#### Work required
Among the entries below, one stretch runs from the line that contains "split=> //; split;" through the line that contains "Lemma letters_shape w". Repeat that stretch exactly, ends included, and only that.

#### Data to use
(* Let $F:\mathbb{R}^n\to\mathbb{R}^n$ be semilinear, monotone and homogeneous. Then there exists a game graph $\vec{\mathcal{G}}$ with Min vertex set $[n]$ satisfying assumptions (a)–(c) such that $F$ is the operator encoded by $\vec{\mathcal{G}}$.
   Context: Game graph: a directed graph $\vec{\mathcal{G}}=(V,E)$ with $V=V_{\mathrm{Min}}\uplus V_{\mathrm{Rand}}\uplus V_{\mathrm{Max}}$, $V_{\mathrm{Min}}=[n]$ and $V_{\mathrm{Max}}=[m]$ nonempty, every vertex having at least one outgoing edge; $\mathrm{Out}(v)$ is the set of outgoing edges of $v$. Each edge $e$ with Min or Max tail carries a real $r_e$; each edge $e$ with Random tail carries a rational $q_e>0$, summing to $1$ over the outgoing edges of each Random vertex. Assumptions: (a) every path between two Min vertices contains a Max vertex; (b) every path between two Max vertices contains a Min vertex; (c) from every Random vertex there is a path to a Min or Max vertex. In the Markov chain on $V$ where Min and Max vertices are absorbing and a Random vertex $v$ moves to $w$ with probability $q_{(v,w)}$, $p^e_v$ is the probability that the chain started at the head of edge $e$ is absorbed at $v\in V_{\mathrm{Min}}\cup V_{\mathrm{Max}}$. The operator encoded by $\vec{\mathcal{G}}$ is $F_v(x)=\min_{e\in\mathrm{Out}(v)}\big(r_e+\sum_{w\in[m]}p^e_w\max_{e'\in\mathrm{Out}(w)}(r_{e'}+\sum_{u\in[n]}p^{e'}_u x_u)\big)$, $v\in[n]$. Semilinear: graph of $F$ is a finite union of sets $\{z: \langle A_i,z\rangle>b_i,\ \langle A_j,z\rangle=b_j\}$ with rational $A$, real $b$. Monotone: $x\le y\Rightarrow F(x)\le F(y)$; homogeneous: $F(\lambda+x)=\lambda+F(x)$ for $\lambda\in\mathbb{R}$. *)

From Stdlib Require Import Reals Lra List QArith Qreals.
Open Scope R_scope.

(** Vectors of R^n are represented as functions [nat -> R]; only the
    coordinates [i < n] are meaningful. *)

Inductive vtx : Type := VMin (i : nat) | VRand (j : nat) | VMax (j : nat).

Definition vtx_eqb (a b : vtx) : bool :=
  match a, b with
  | VMin i, VMin j => Nat.eqb i j
  | VRand i, VRand j => Nat.eqb i j
  | VMax i, VMax j => Nat.eqb i j
  | _, _ => false
  end.

Definition is_min (v : vtx) : Prop := match v with VMin _ => True | _ => False end.
Definition is_max (v : vtx) : Prop := match v with VMax _ => True | _ => False end.
Definition is_rand (v : vtx) : Prop := match v with VRand _ => True | _ => False end.

(** A game graph: vertex counts (n Min, nR Random, m Max), the edge set E
    (a duplicate-free list of pairs), real weights [r] (used on edges with
    Min or Max tail) and rational probabilities [q] (used on edges with
    Random tail). *)
Record game := mkGame {
  g_n : nat;
  g_nR : nat;
  g_m : nat;
  g_edges : list (vtx * vtx);
  g_r : vtx * vtx -> R;
  g_q : vtx * vtx -> Q
}.

Definition valid_vtx (G : game) (v : vtx) : Prop :=
  match v with
  | VMin i => (i < g_n G)%nat
  | VRand j => (j < g_nR G)%nat
  | VMax j => (j < g_m G)%nat
  end.

Definition out (G : game) (v : vtx) : list (vtx * vtx) :=
  filter (fun e => vtx_eqb (fst e) v) (g_edges G).

Definition sumR (l : list R) : R := fold_right Rplus 0 l.
Definition sumQ (l : list Q) : Q := fold_right Qplus 0%Q l.
Definition sum_range (k : nat) (f : nat -> R) : R := sumR (map f (seq 0 k)).

Definition minl (l : list R) : R :=
  match l with nil => 0 | a :: t => fold_right Rmin a t end.
Definition maxl (l : list R) : R :=
  match l with nil => 0 | a :: t => fold_right Rmax a t end.

Fixpoint walk (G : game) (v : vtx) (l : list vtx) : Prop :=
  match l with
  | nil => True
  | w :: l' => In (v, w) (g_edges G) /\ walk G w l'
  end.

Definition game_ok (G : game) : Prop :=
  (0 < g_n G)%nat /\ (0 < g_m G)%nat /\
  NoDup (g_edges G) /\
  (forall e, In e (g_edges G) -> valid_vtx G (fst e) /\ valid_vtx G (snd e)) /\
  (forall v, valid_vtx G v -> out G v <> nil) /\
  (forall e, In e (g_edges G) -> is_rand (fst e) -> Qlt 0 (g_q G e)) /\
  (forall j, (j < g_nR G)%nat ->
     Qeq (sumQ (map (g_q G) (out G (VRand j)))) 1) /\
  (* (a) every path between two Min vertices contains a Max vertex *)
  (forall u l, is_min u -> walk G u l -> l <> nil -> is_min (last l u) ->
     exists x, In x l /\ is_max x) /\
  (* (b) every path between two Max vertices contains a Min vertex *)
  (forall u l, is_max u -> walk G u l -> l <> nil -> is_max (last l u) ->
     exists x, In x l /\ is_min x) /\
  (* (c) from every Random vertex there is a path to a Min or Max vertex *)
  (forall j, (j < g_nR G)%nat -> exists l, walk G (VRand j) l /\
     (is_min (last l (VRand j)) \/ is_max (last l (VRand j)))).

(** Markov chain on V: Min and Max vertices are absorbing, a Random vertex
    v moves to w with probability q_(v,w).  [nstep G k s t] is the
    probability to be at t after k steps when starting at s. *)
Fixpoint nstep (G : game) (k : nat) (s t : vtx) : R :=
  match k with
  | O => if vtx_eqb s t then 1 else 0
  | S k' =>
      match s with
      | VRand _ => sumR (map (fun e => Q2R (g_q G e) * nstep G k' (snd e) t) (out G s))
      | _ => if vtx_eqb s t then 1 else 0
      end
  end.

(** [p] gives the absorption probabilities: for every edge e = (v,h) and
    every absorbing vertex t, p h t = lim_k P^k(h,t) = probability that the
    chain started at the head h of e is absorbed at t. *)
Definition absorption_probs (G : game) (p : vtx -> vtx -> R) : Prop :=
  forall e t, In e (g_edges G) -> valid_vtx G t -> (is_min t \/ is_max t) ->
    Un_cv (fun k => nstep G k (snd e) t) (p (snd e) t).

Definition encoded_op (G : game) (p : vtx -> vtx -> R) (x : nat -> R) (v : nat) : R :=
  minl (map (fun e =>
     g_r G e + sum_range (g_m G) (fun w =>
        p (snd e) (VMax w) *
        maxl (map (fun e' =>
                g_r G e' + sum_range (g_n G) (fun u => p (snd e') (VMin u) * x u))
             (out G (VMax w)))))
   (out G (VMin v))).

(** F is a well-defined map R^n -> R^n: its first n output coordinates
    depend only on the first n input coordinates. *)
Definition is_map_Rn (n : nat) (F : (nat -> R) -> (nat -> R)) : Prop :=
  forall x y, (forall i, (i < n)%nat -> x i = y i) ->
    forall i, (i < n)%nat -> F x i = F y i.

Definition monotone (n : nat) (F : (nat -> R) -> (nat -> R)) : Prop :=
  forall x y, (forall i, (i < n)%nat -> x i <= y i) ->
    forall i, (i < n)%nat -> F x i <= F y i.

Definition homogeneous (n : nat) (F : (nat -> R) -> (nat -> R)) : Prop :=
  forall (lam : R) x i, (i < n)%nat -> F (fun j => lam + x j) i = lam + F x i.

(** A linear constraint on z = (x, y) in R^n x R^n = R^{2n}:
    <A, z> > b  (strict = true)  or  <A, z> = b  (strict = false),
    with A rational and b real. *)
Record constr := mkConstr { c_A : nat -> Q; c_b : R; c_strict : bool }.

Definition dotz (n : nat) (A : nat -> Q) (x y : nat -> R) : R :=
  sum_range n (fun i => Q2R (A i) * x i) + sum_range n (fun i => Q2R (A (n + i)%nat) * y i).

Definition sat_constr (n : nat) (c : constr) (x y : nat -> R) : Prop :=
  if c_strict c then dotz n (c_A c) x y > c_b c else dotz n (c_A c) x y = c_b c.

Definition semilinear (n : nat) (F : (nat -> R) -> (nat -> R)) : Prop :=
  exists S : list (list constr),
    forall x y : nat -> R,
      (forall i, (i < n)%nat -> y i = F x i) <->
      exists C, In C S /\ forall c, In c C -> sat_constr n c x y.

(* Monotone homogeneous maps are nonexpansive for the sup-norm. On a small ball around a
   generic point no constraint of the finitely many pieces of the semilinear graph changes
   sign, so one piece holds on the whole ball; there the graph is an affine subspace, which
   forces F x = c + P x with P solving the rational equality constraints of the piece, hence
   with P rational, and monotonicity and homogeneity make P stochastic. This yields finitely
   many maps g_1, ..., g_K such that F agrees pointwise with one of them. Along a segment
   [a, x], F_v is piecewise affine with pieces among the g_{j,v}, and a sweep argument gives a
   j with g_{j,v}(a) <= F_v(a) and F_v(x) <= g_{j,v}(x). Consequently
   F_v = min_J max_{j in J} g_{j,v}, where J ranges over the sets with F_v <= max_J g_{j,v}
   everywhere, the minimum at a being attained by J = {j | g_{j,v}(a) <= F_v(a)}. This
   min-max formula is read as a game: Min at v picks J (a Max vertex), Max picks j in J and
   earns the constant of g_{j,v} (a Random vertex), which moves to u with probability P_{j,vu}. *)

From Stdlib Require Import Reals List QArith Qreals.
From Stdlib Require Import Lra Lia Permutation ClassicalEpsilon Classical.
From Stdlib Require IndefiniteDescription.
Open Scope R_scope.

(** * Finite sums and extrema *)

Lemma sumR_app l1 l2 : sumR (l1 ++ l2) = sumR l1 + sumR l2.
Proof. induction l1 as [|a l1 IH]; simpl; [lra | rewrite IH; lra]. Qed.

Lemma sumR_perm l l' : Permutation l l' -> sumR l = sumR l'.
Proof. induction 1; simpl; lra. Qed.

Lemma sumR_map_filter_zero {A} (g : A -> R) (b : A -> bool) l :
  (forall a, In a l -> b a = false -> g a = 0) ->
  sumR (map g (filter b l)) = sumR (map g l).
Proof.
  induction l as [|a l IH]; intros H; simpl; auto.
  destruct (b a) eqn:E; simpl; rewrite IH by (intros; apply H; simpl; auto); [reflexivity|].
  rewrite (H a (or_introl eq_refl) E). ring.
Qed.
Lemma block_descent_xy w1 w2 x y (s : word X) :
  block_descent (blocks (w1 ++ [:: inl x; inr y] ++ w2)) (blocks (w1 ++ map inl (wd s) ++ w2)).
Proof.
have [A [L Hw1]] := pieces_rcons w1; have [H [B Hw2]] := pieces_cons w2.
case: s => x' s; rewrite (blocks_xy Hw1 Hw2) (blocks_inl Hw1 Hw2).
exists (filter nonnil A ++ filter nonnil [:: L]), (y :: H), (filter nonnil B), (filter nonnil [:: H]).
split; first by rewrite -!catA.
split; first by rewrite filter_nonnil2 -!catA.
by move=> c /In_filter_nonnil1 ->; right; exists [:: y], [::]; rewrite cats0.
Qed.

Lemma block_descent_yx w1 w2 x y (s : word X) :
  block_descent (blocks (w1 ++ [:: inr y; inl x] ++ w2)) (blocks (w1 ++ map inl (wd s) ++ w2)).
Proof.
have [A [L Hw1]] := pieces_rcons w1; have [H [B Hw2]] := pieces_cons w2.
case: s => x' s; rewrite (blocks_yx Hw1 Hw2) (blocks_inl Hw1 Hw2).
exists (filter nonnil A), (L ++ [:: y]), (filter nonnil [:: H] ++ filter nonnil B), (filter nonnil [:: L]).
split=> //; split; first by rewrite filter_nonnil2 -!catA.
by move=> c /In_filter_nonnil1 ->; right; exists [::], [:: y].
Qed.

End BlockDescent.

Lemma letters_shape w : (exists u, w = map inl u) \/ (exists u, w = map inr u) \/
  exists w1 w2 x y, w = w1 ++ [:: inl x; inr y] ++ w2 \/ w = w1 ++ [:: inr y; inl x] ++ w2.
Proof.
elim: w => [|z w [[u ->]|[[u ->]|[w1 [w2 [x [y [->|->]]]]]]]]; first by left; exists [::].
- case: z => [x|y]; first by left; exists (x :: u).
  case: u => [|x u]; first by right; left; exists [:: y].
  by right; right; exists [::], (map inl u), x, y; right.
- case: z => [x|y]; last by right; left; exists (y :: u).
  case: u => [|y u]; first by left; exists [:: x].
  by right; right; exists [::], (map inr u), x, y; left.
- by right; right; exists (z :: w1), w2, x, y; left.
- by right; right; exists (z :: w1), w2, x, y; right.
Qed.

End Blocks.
Lemma traceless_eigenbasis mu : (2%:R : F) != 0 -> mu != 0 -> mu ^+ 2 = delta ->
  exists x y, [/\ f x = mu *: x, f y = (- mu) *: y & <<[:: x; y]>>%VS = U].
Proof.
move=> two_neq0 mu_neq0 mu_sqr.
have [w span_w] : exists w, (<<[:: w; f w]>> = U)%VS.
  by apply: traceless_cyclic; rewrite // -mu_sqr expf_neq0.
have w_U : w \in U by rewrite -span_w memv_span // inE eqxx.
have eigen m : m ^+ 2 = delta -> f (f w + m *: w) = m *: (f w + m *: w).
  move=> m_sqr; rewrite linearD linearZ /= traceless_sqr // -m_sqr.
  by rewrite scalerDr scalerA -expr2 addrC.
exists (f w + mu *: w), (f w + (- mu) *: w); split.
- exact: eigen.
- by apply: eigen; rewrite sqrrN.
- rewrite -span_w; apply: (span2_change (a := mu) (b := 1) (c := - mu) (d := 1)).
  + by rewrite scale1r addrC.
  + by rewrite scale1r addrC.
  + by rewrite mulr1 mul1r opprK -mulr2n -mulr_natr mulf_neq0.
Qed.

End TracelessPlaneEndomorphism.

Section LieBracket.
Variables (F : fieldType) (L : vectType F) (br : L -> L -> L).
Local Notation Z := (lie_center br).
Local Notation D := (lie_derived br).

Lemma lie_derived_proper : lie_solvable br -> fullv != 0%VS :> {vspace L} -> D != fullv.
Proof.
move=> [k series0]; apply: contraNneq => D_full; rewrite -series0.
suff -> : lie_derived_series br k = fullv by [].
by elim: k {series0} => //= k ->.
Qed.
(* Let $x_1, \ldots, x_n$ be Herzog–Kunz generators of $R$ and for $i = 1, \ldots, n-1$ let $T_i = k[[x_1, \ldots, x_i]]$. Then (a) $a_1 = \min\{v(r) : r \in \mathfrak m\setminus\{0\}\}$ is the multiplicity of $R$, and $a_{i+1} = \min\big(V(R) \setminus V(T_i)\big)$ for $i = 1, \ldots, n-1$; (b) for every $l \in \mathbb N$, setting $i_0 = \max\{i : a_i \le l\}$ (with $k[x_1,\ldots,x_{i_0}] := k$ if no $a_i \le l$), every $f \in R$ can be written as $f = p + g$ with $p \in k[x_1, \ldots, x_{i_0}]$ (a polynomial in $x_1,\ldots,x_{i_0}$) and $g \in R$ with $v(g) \ge l+1$.
   Context: Let $k$ be a field and let $(R,\mathfrak m)$ be a complete local noetherian domain of dimension $1$ containing $k$ with $R/\mathfrak m = k$, with normalization $\overline R$ having residue field $k$, so $\overline R = k[[t]]$ and $R \subseteq k[[t]]$ is finite birational. Let $v$ be the $t$-adic valuation on $k((t))$, $v(0)=\infty$. For $A \subseteq k((t))$ let $v(A) = \{v(f): f\in A\setminus\{0\}\}$, and for a subring $T$ let $V(T) = v(T)$ be its value semigroup. The Herzog–Kunz sequence of $R$ is $v(\mathfrak m)\setminus v(\mathfrak m^2)$ listed increasingly as $a_1 < \cdots < a_n$; Herzog–Kunz generators are elements $x_1,\ldots,x_n \in R$ with $v(x_i) = a_i$. For $x_1,\ldots,x_i\in\mathfrak m$, $k[[x_1,\ldots,x_i]]$ is the image of $k[[X_1,\ldots,X_i]]\to k[[t]]$, $X_j\mapsto x_j$. *)

(* Formal power series k[[t]] are modelled as coefficient
   functions nat -> k, with the Cauchy product. *)
From mathcomp Require Import all_boot all_algebra.
Set Implicit Arguments. Unset Strict Implicit. Unset Printing Implicit Defensive.
Import GRing.Theory.
Local Open Scope ring_scope.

#### Result of the task
split=> //; split; first by rewrite filter_nonnil2 -!catA.
by move=> c /In_filter_nonnil1 ->; right; exists [::], [:: y].
Qed.

End BlockDescent.

Lemma letters_shape w : (exists u, w = map inl u) \/ (exists u, w = map inr u) \/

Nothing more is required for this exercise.